**THE INPUT:**
(* Assume that $\mathfrak{c}$ is regular. Let $X$, $Y$ and $Y_\alpha$ ($\alpha\in Y$) be Polish spaces and let $\{f_\alpha:\alpha\in Y\}$ be functions $f_\alpha:X\to Y_\alpha$ such that for all distinct $\alpha,\beta\in Y$: (i) for every $y\in Y_\alpha$, $|f_\alpha^{-1}[\{y\}]|=\mathfrak{c}$; (ii) for every $y\in Y_\alpha$ and $y'\in Y_\beta$, $|f_\alpha^{-1}[\{y\}]\cap f_\beta^{-1}[\{y'\}]|<\mathfrak{c}$. Then there exist $A\subseteq X$ and disjoint Bernstein sets $F,G\subseteq Y$ with $Y=F\cup G$ such that $F=\{\alpha\in Y: f_\alpha[A]=Y_\alpha\}$ and $G=\{\alpha\in Y: f_\alpha[A]$ is a Bernstein set in $Y_\alpha\}$.
   Context: A subset $S$ of a Polish space $Z$ is a Bernstein set in $Z$ if for every nonempty perfect set $P\subseteq Z$ we have $S\cap P\neq\emptyset$ and $(Z\setminus S)\cap P\neq\emptyset$. *)

From HB Require Import structures.
From mathcomp Require Import all_boot all_order all_algebra.
From mathcomp Require Import all_classical all_reals all_analysis.
Set Implicit Arguments. Unset Strict Implicit. Unset Printing Implicit Defensive.
Import Order.TTheory GRing.Theory Num.Theory.
Local Open Scope classical_set_scope.

(* The continuum c is the cardinality of a real field R : realType. *)

Definition card_is_c (R : realType) (T : Type) (S : set T) : Prop :=
  card_eq S [set: R].

Definition card_lt_c (R : realType) (T : Type) (S : set T) : Prop :=
  ~ card_le [set: R] S.

(* c is regular: a union of fewer than c sets, each of size < c, has size < c
   (index sets and members taken, w.l.o.g., inside a set of size c, namely R). *)
Definition continuum_regular (R : realType) : Prop :=
  forall (I : set R) (F : R -> set R),
    card_lt_c R I -> (forall i, I i -> card_lt_c R (F i)) ->
    card_lt_c R (\bigcup_(i in I) F i).

(* Polish space: a separable complete metric space (metric = Hausdorff
   complete pseudometric). *)
Definition separable (T : topologicalType) : Prop :=
  exists D : set T, countable D /\ dense D.

Definition polish (R : realType) (T : completePseudoMetricType R) : Prop :=
  hausdorff_space T /\ separable T.

Definition bernstein (Z : topologicalType) (S : set Z) : Prop :=
  forall P : set Z, perfect_set P -> P !=set0 ->
    (S `&` P !=set0) /\ (~` S `&` P !=set0).

(* Under regularity of c, fewer than c sets of size < c never cover a set of
   size c, so a recursion of length c can meet c requirements one at a time.
   A Polish space has only c points and c closed sets, and each of its nonempty
   perfect subsets has size c (Cantor scheme).  So Y splits into complementary
   Bernstein sets F and G, and A is built by such a recursion: for a in F and y
   in Y_a, add a point of the fibre of y avoiding the values forbidden so far,
   which exists because by (i) and (ii) the fibre has size c while its
   intersections with the earlier fibres are small; for a in G and a perfect P
   in Y_a, forbid forever a fresh value z in P to f_a and add a point that f_a
   maps into P \ {z}.  If some Y_a has no perfect subset then it is countable,
   so (i) and (ii) force Y to be a single point, and every set is Bernstein. *)

From HB Require Import structures.
From mathcomp Require Import all_boot all_order all_algebra.
From mathcomp Require Import all_classical all_reals all_analysis wochoice.
From mathcomp Require Import lra.
From Stdlib Require Import Inverse_Image.
Import Order.TTheory GRing.Theory Num.Theory numFieldNormedType.Exports.
Local Open Scope classical_set_scope.
Local Open Scope card_scope.
Local Open Scope ring_scope.

Section small_sets.
Context {R : realType}.
Local Notation small := (card_lt_c R).

Lemma card_le_realT_inj {T} (B : set T) :
  [set: R] #<= B -> exists f : R -> T, injective f /\ (forall r, B (f r)).
Proof.
elim/Ppointed: T B => T B.
  have -> : B = set0 by apply/seteqP; split => x; case: (no x).
  by move=> /card_le0P; rewrite -subset0 => /(_ 0 I).
move=> /pcard_leP [f]; exists f; split; last by move=> r; apply: (@funS _ _ _ _ f).
by move=> x y; apply: (@inj _ _ _ f); rewrite ?in_setE.
Qed.

Lemma card_le_inj {T U} {A : set T} {B : set U} {f : T -> U} :
  {in A &, injective f} -> f @` A `<=` B -> A #<= B.
Proof.
move=> f_inj fAB; apply: (@card_le_trans _ _ _ (f @` A)); last exact: subset_card_le.
by have := card_esym (inj_card_eq f_inj); rewrite card_eq_le => /andP[].
Qed.

Lemma small_subset {T} {A B : set T} : A `<=` B -> small B -> small A.
Proof. by move=> AB sB RA; apply/sB/(card_le_trans RA)/subset_card_le. Qed.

**WHAT TO PRODUCE:** Given the records above, reproduce precisely and only the lines between the line holding "[set: R] S." and the line holding "(* Under regularity", inclusive.

**COMPLETED TASK:**
  ~ card_le [set: R] S.

(* c is regular: a union of fewer than c sets, each of size < c, has size < c
   (index sets and members taken, w.l.o.g., inside a set of size c, namely R). *)
Definition continuum_regular (R : realType) : Prop :=
  forall (I : set R) (F : R -> set R),
    card_lt_c R I -> (forall i, I i -> card_lt_c R (F i)) ->
    card_lt_c R (\bigcup_(i in I) F i).

(* Polish space: a separable complete metric space (metric = Hausdorff
   complete pseudometric). *)
Definition separable (T : topologicalType) : Prop :=
  exists D : set T, countable D /\ dense D.

Definition polish (R : realType) (T : completePseudoMetricType R) : Prop :=
  hausdorff_space T /\ separable T.

Definition bernstein (Z : topologicalType) (S : set Z) : Prop :=
  forall P : set Z, perfect_set P -> P !=set0 ->
    (S `&` P !=set0) /\ (~` S `&` P !=set0).

(* Under regularity of c, fewer than c sets of size < c never cover a set of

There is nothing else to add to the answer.